• DATA FOR THIS EXERCISE:
(* Let $(l,k,b)$ be a suspension triplet for $(X_A,\sigma_A)$. Then the one-sided suspension space $S^{l,k}_{A,b}$ is a compact Hausdorff space.
   Context: Let $N>1$ and $A$ an irreducible $N\times N$ $\{0,1\}$-matrix which is not a permutation matrix. $X_A$ is the compact space of sequences $(x_n)_{n\in\mathbb N}$, $x_n\in\{1,\dots,N\}$, $A(x_n,x_{n+1})=1$ (product topology), with $\sigma_A((x_n)_n)=(x_{n+1})_n$. $\mathbb Z_+$, $\mathbb R_+$ are nonnegative integers/reals. $H^A$ is the quotient of $C(X_A,\mathbb Z)$ by $\{u-u\circ\sigma_A\}$, $H^A_+$ the classes of $\mathbb Z_+$-valued continuous functions; $[f]\in H^A_+$ is an order unit if for every $[u]\in H^A$ some $n\in\mathbb N$ has $n[f]-[u]\in H^A_+$. A suspension triplet is $(l,k,b)$ with $l,k\in C(X_A,\mathbb R_+)$, $b\in C(X_A,\mathbb R)$ such that $c=l-k$ is integer-valued with $[c]$ an order unit, and $l-b$, $k-b\circ\sigma_A$ take values in $\mathbb Z_+$. $X^{\mathbb R}_{A,b}=\{(x,r)\in X_A\times\mathbb R: r\ge b(x)\}$ (subspace topology of $X_A\times\mathbb R$), $\sim_{l,k}$ is the equivalence relation generated by $(x,r)\sim_{l,k}(\sigma_A(x),r-c(x))$ whenever $r\ge l(x)$, and $S^{l,k}_{A,b}=X^{\mathbb R}_{A,b}/\!\sim_{l,k}$ with the quotient topology. *)

From HB Require Import structures.
From Stdlib Require Import Relations.
From mathcomp Require Import all_boot all_order all_algebra perm generic_quotient.
From mathcomp Require Import all_classical all_reals all_analysis.
Import Order.TTheory GRing.Theory Num.Theory.
Import numFieldTopology.Exports numFieldNormedType.Exports.

Set Implicit Arguments.
Unset Strict Implicit.
Unset Printing Implicit Defensive.

Local Open Scope classical_set_scope.
Local Open Scope ring_scope.
Local Open Scope quotient_scope.

Definition zero_one_mx (N : nat) (A : 'M[nat]_N) : Prop :=
  forall i j, A i j = 0%N \/ A i j = 1%N.

Definition irreducible_mx (N : nat) (A : 'M[nat]_N) : Prop :=
  forall i j, exists n : nat, (0 < (A ^+ n) i j)%N.

Definition is_permutation_mx (N : nat) (A : 'M[nat]_N) : Prop :=
  exists s : {perm 'I_N}, A = perm_mx s.

(** Alphabet {1,..,N} (here 'I_N) with the discrete topology, and the
    space of all one-sided sequences with the product topology. *)
Notation alphabet N := (discrete_topology 'I_N).
Notation seq_space N := {ptws nat -> alphabet N}.

Definition XA_set (N : nat) (A : 'M[nat]_N) : set (seq_space N) :=
  [set x | forall n : nat, A (x n) (x n.+1) = 1%N].

Notation XA A := (set_type (XA_set A)).

Lemma shift_in_XA (N : nat) (A : 'M[nat]_N) (x : XA A) :
  XA_set A (fun n => (\val x : seq_space N) n.+1).
Proof.
case: x => x /= /set_mem Hx n; exact: Hx.
Qed.

Definition sigmaA (N : nat) (A : 'M[nat]_N) (x : XA A) : XA A :=
  SigSub (mem_set (shift_in_XA x)).

Definition contZ (N : nat) (A : 'M[nat]_N) (f : XA A -> int) : Prop :=
  continuous (f : XA A -> discrete_topology int).

(** [f] = [g] in H^A = C(X_A,Z) / {u - u o sigma_A | u in C(X_A,Z)}. *)
Definition cohomologous (N : nat) (A : 'M[nat]_N) (f g : XA A -> int) : Prop :=
  exists u : XA A -> int, contZ u /\ forall x, f x - g x = u x - u (sigmaA x).

(** [f] belongs to H^A_+ : it is the class of a Z_+-valued continuous function. *)
Definition in_HA_pos (N : nat) (A : 'M[nat]_N) (f : XA A -> int) : Prop :=
  exists g : XA A -> int, contZ g /\ (forall x, 0 <= g x) /\ cohomologous f g.

Definition order_unit (N : nat) (A : 'M[nat]_N) (f : XA A -> int) : Prop :=
  contZ f /\ in_HA_pos f /\
  forall u : XA A -> int, contZ u ->
    exists n : nat, in_HA_pos (fun x => (f x *+ n) - u x).

Section Suspension.
Variable R : realType.

Definition suspension_triplet (N : nat) (A : 'M[nat]_N)
    (l k b : XA A -> R) : Prop :=
  [/\ continuous l /\ continuous k /\ continuous b,
      (forall x, 0 <= l x) /\ (forall x, 0 <= k x),
      (forall x, l x - k x \is a Num.int)
        /\ order_unit (fun x => Num.floor (l x - k x)),
      (forall x, l x - b x \is a Num.nat)
    & (forall x, k x - b (sigmaA x) \is a Num.nat)].

Definition XR_set (N : nat) (A : 'M[nat]_N) (b : XA A -> R) : set (XA A * R) :=
  [set p | b p.1 <= p.2].

Notation XR b := (set_type (XR_set b)).

Definition susp_step (N : nat) (A : 'M[nat]_N) (l k b : XA A -> R)
    (p q : XR b) : Prop :=
  let: (x, r) := (\val p : XA A * R) in
  l x <= r /\ (\val q : XA A * R) = (sigmaA x, r - (l x - k x)).

End Suspension.

Section EquivClosure.
Variables (T : choiceType) (rel0 : T -> T -> Prop).

Definition gen_equiv : rel T := fun x y => `[< clos_refl_sym_trans T rel0 x y >].

Lemma gen_equiv_refl : reflexive gen_equiv.
Proof. by move=> x; apply/asboolP; apply: rst_refl. Qed.

Lemma gen_equiv_sym : symmetric gen_equiv.
Proof.
move=> x y; apply/asboolP/asboolP => H; exact: rst_sym.
Qed.

Lemma gen_equiv_trans : transitive gen_equiv.
Proof.
move=> y x z /asboolP Hxy /asboolP Hyz; apply/asboolP; exact: rst_trans Hyz.
Qed.

Definition gen_equiv_rel : equiv_rel T :=
  EquivRel gen_equiv gen_equiv_refl gen_equiv_sym gen_equiv_trans.
End EquivClosure.

Definition suspension_space (R : realType) (N : nat) (A : 'M[nat]_N)
    (l k b : XA A -> R) : Type :=
  quotient_topology {eq_quot gen_equiv_rel (@susp_step R N A l k b)}.

(* Since [l - k] is an order unit, n (l - k) >= 1 + v - v o sigma_A for some n
   and some bounded v, so the Birkhoff sums of c = l - k grow linearly.  Hence
   every point of X^R_{A,b} is equivalent to one with b x <= r < l x, and S is
   the continuous image of the compact X_A x [0, 1].  To separate points, let
   w be a cutoff equal to 1 on {r >= l x} and to 0 on {r <= l x - d}, psi_j the
   j-th formal step (x, r) |-> (sigma_A^j x, r - c_j x), and
   g (x, r) = phi x (l x - r) (1 - w (x, r)).  The sum over j of
   (prod_(i < j) w (psi_i p)) g (psi_j p) is locally finite and invariant under
   the identification, so it descends to a continuous function on S; it equals
   g at the points with r <= l x - d, and suitable d and phi separate points. *)

From HB Require Import structures.
From Stdlib Require Import Relations.
From mathcomp Require Import all_boot all_order all_algebra generic_quotient.
From mathcomp Require Import all_classical all_reals all_analysis.
From mathcomp Require Import lra.
Import Order.TTheory GRing.Theory Num.Theory.
Import numFieldTopology.Exports numFieldNormedType.Exports.

Set Implicit Arguments.
Unset Strict Implicit.
Unset Printing Implicit Defensive.

Local Open Scope classical_set_scope.
Local Open Scope ring_scope.
Local Open Scope quotient_scope.

Lemma pair_continuous {T X Y : topologicalType} (f : T -> X) (g : T -> Y) :
  continuous f -> continuous g -> continuous (fun t => (f t, g t)).
Proof. by move=> cf cg t; apply: cvg_pair; [exact: cf | exact: cg]. Qed.

Lemma fst_continuous {X Y : topologicalType} : continuous (@fst X Y).
Proof. by case=> x y; exact: cvg_fst. Qed.

Lemma snd_continuous {X Y : topologicalType} : continuous (@snd X Y).
Proof. by case=> x y; exact: cvg_snd. Qed.

Lemma prod_topology_continuous {I : choiceType} {X : topologicalType}
    {K : I -> topologicalType} (f : X -> prod_topology K) :
  (forall i, continuous (fun x => f x i)) -> continuous f.
Proof.
move=> cf x; apply/cvg_sup => i; move: x.
apply/(@continuousP _ (initial_topology (@^~ i))) => U [V oV <-].
exact: open_comp (fun y _ => cf i y) oV.
Qed.

Lemma discrete_continuous (T : choiceType) (Y : topologicalType)
    (f : discrete_topology T -> Y) :
  continuous f.
Proof.
move=> x U /nbhs_singleton Ux; apply: open_nbhs_nbhs; split => //.
exact: discrete_open.
Qed.

Lemma compact_set_type {X : topologicalType} (E : set X) :
  compact E -> compact [set: set_type E].
Proof.
move=> cE.
have [[e0 _]|empty] := pselect (exists e : set_type E, True); last first.
  suff -> : [set: set_type E] = set0 by exact: compact0.
  by rewrite eqEsubset; split => // e _; apply: empty; exists e.
pose h z : set_type E :=
  if pselect (E z) is left Ez then exist _ z (mem_set Ez) else e0.
have hK (e : set_type E) : h (val e) = e.
  rewrite /h; case: pselect => [Ez|]; first exact: val_inj.
  by have := set_mem (valP e).
suff -> : [set: set_type E] = h @` E.
  apply: continuous_compact => //; apply/subspace_sigL_continuousP.
  have -> : sigL E h = id by apply/funext => e /=; exact: hK.
  by move=> x; exact: cvg_id.
rewrite eqEsubset; split => // e _; exists (val e) => //.
exact: (set_mem (valP e)).
Qed.

Lemma hausdorff_separating_functions {R : realType} {T : topologicalType} :
  (forall x y : T, x != y -> exists2 f : T -> R, continuous f & f x != f y) ->
  hausdorff_space T.
Proof.
move=> sep; rewrite open_hausdorff => x y /sep [f cf fxy].
have := @Rhausdorff R; rewrite open_hausdorff => /(_ _ _ fxy).
move=> [[U V] [/= Ux Vy] [/= oU oV /eqP UV0]].
exists (f @^-1` U, f @^-1` V); first by move: Ux Vy; rewrite !in_setE.
split; [exact: open_comp (fun z _ => cf z) oU|exact: open_comp (fun z _ => cf z) oV|].
by apply/eqP; rewrite /= -preimage_setI UV0 preimage_set0.
Qed.

Lemma continuous_iter {T : topologicalType} (s : T -> T) j :
  continuous s -> continuous (iter j s).
Proof.
move=> cs; elim: j => [|j IH] x /=; first exact: cvg_id.
by apply: (@continuous_comp _ _ _ (iter j s) s); [exact: IH|exact: cs].
Qed.

Section ShiftSpace.
Variables (N : nat) (A : 'M[nat]_N).

Lemma seq_space_compact : compact [set: seq_space N].
Proof.
have := @tychonoff nat (fun _ => alphabet N) (fun _ => setT)
  (fun _ => @finite_compact (alphabet N) setT (@finite_finset ('I_N : finType) setT)).
by congr compact; apply/funext => x; apply/propext.
Qed.

Lemma XA_closed : closed (XA_set A).
Proof.
move=> z zcl n.
have nbz : nbhs z [set y : seq_space N | y n = z n /\ y n.+1 = z n.+1].
  apply: filterI.
  - exact: (@proj_continuous nat (fun _ => alphabet N) n z _ (discrete_set1 _)).
  - exact: (@proj_continuous nat (fun _ => alphabet N) n.+1 z _ (discrete_set1 _)).
have [y [XAy [<- <-]]] := zcl _ nbz.
exact: XAy.
Qed.

Lemma XA_compact : compact [set: XA A].
Proof.
apply: compact_set_type.
exact: subclosed_compact XA_closed seq_space_compact _.
Qed.

Lemma sigmaA_continuous : continuous (@sigmaA N A).
Proof.
pose shift (z : seq_space N) : seq_space N := fun n => z n.+1.
have shift_continuous : continuous shift.
  apply: prod_topology_continuous => i.
  exact: (@proj_continuous nat (fun _ => alphabet N) i.+1).
apply: (@continuous_comp_initial _ _ _ (@set_val _ (XA_set A))).
have -> : set_val \o @sigmaA N A = shift \o set_val by [].
by move=> x; apply: continuous_comp; [exact: initial_continuous|exact: shift_continuous].
Qed.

• TO DO: For the string "choiceType", filter the data and copy out each line where it occurs.

• RESULT BELOW:
Variables (T : choiceType) (rel0 : T -> T -> Prop).
Lemma prod_topology_continuous {I : choiceType} {X : topologicalType}
Lemma discrete_continuous (T : choiceType) (Y : topologicalType)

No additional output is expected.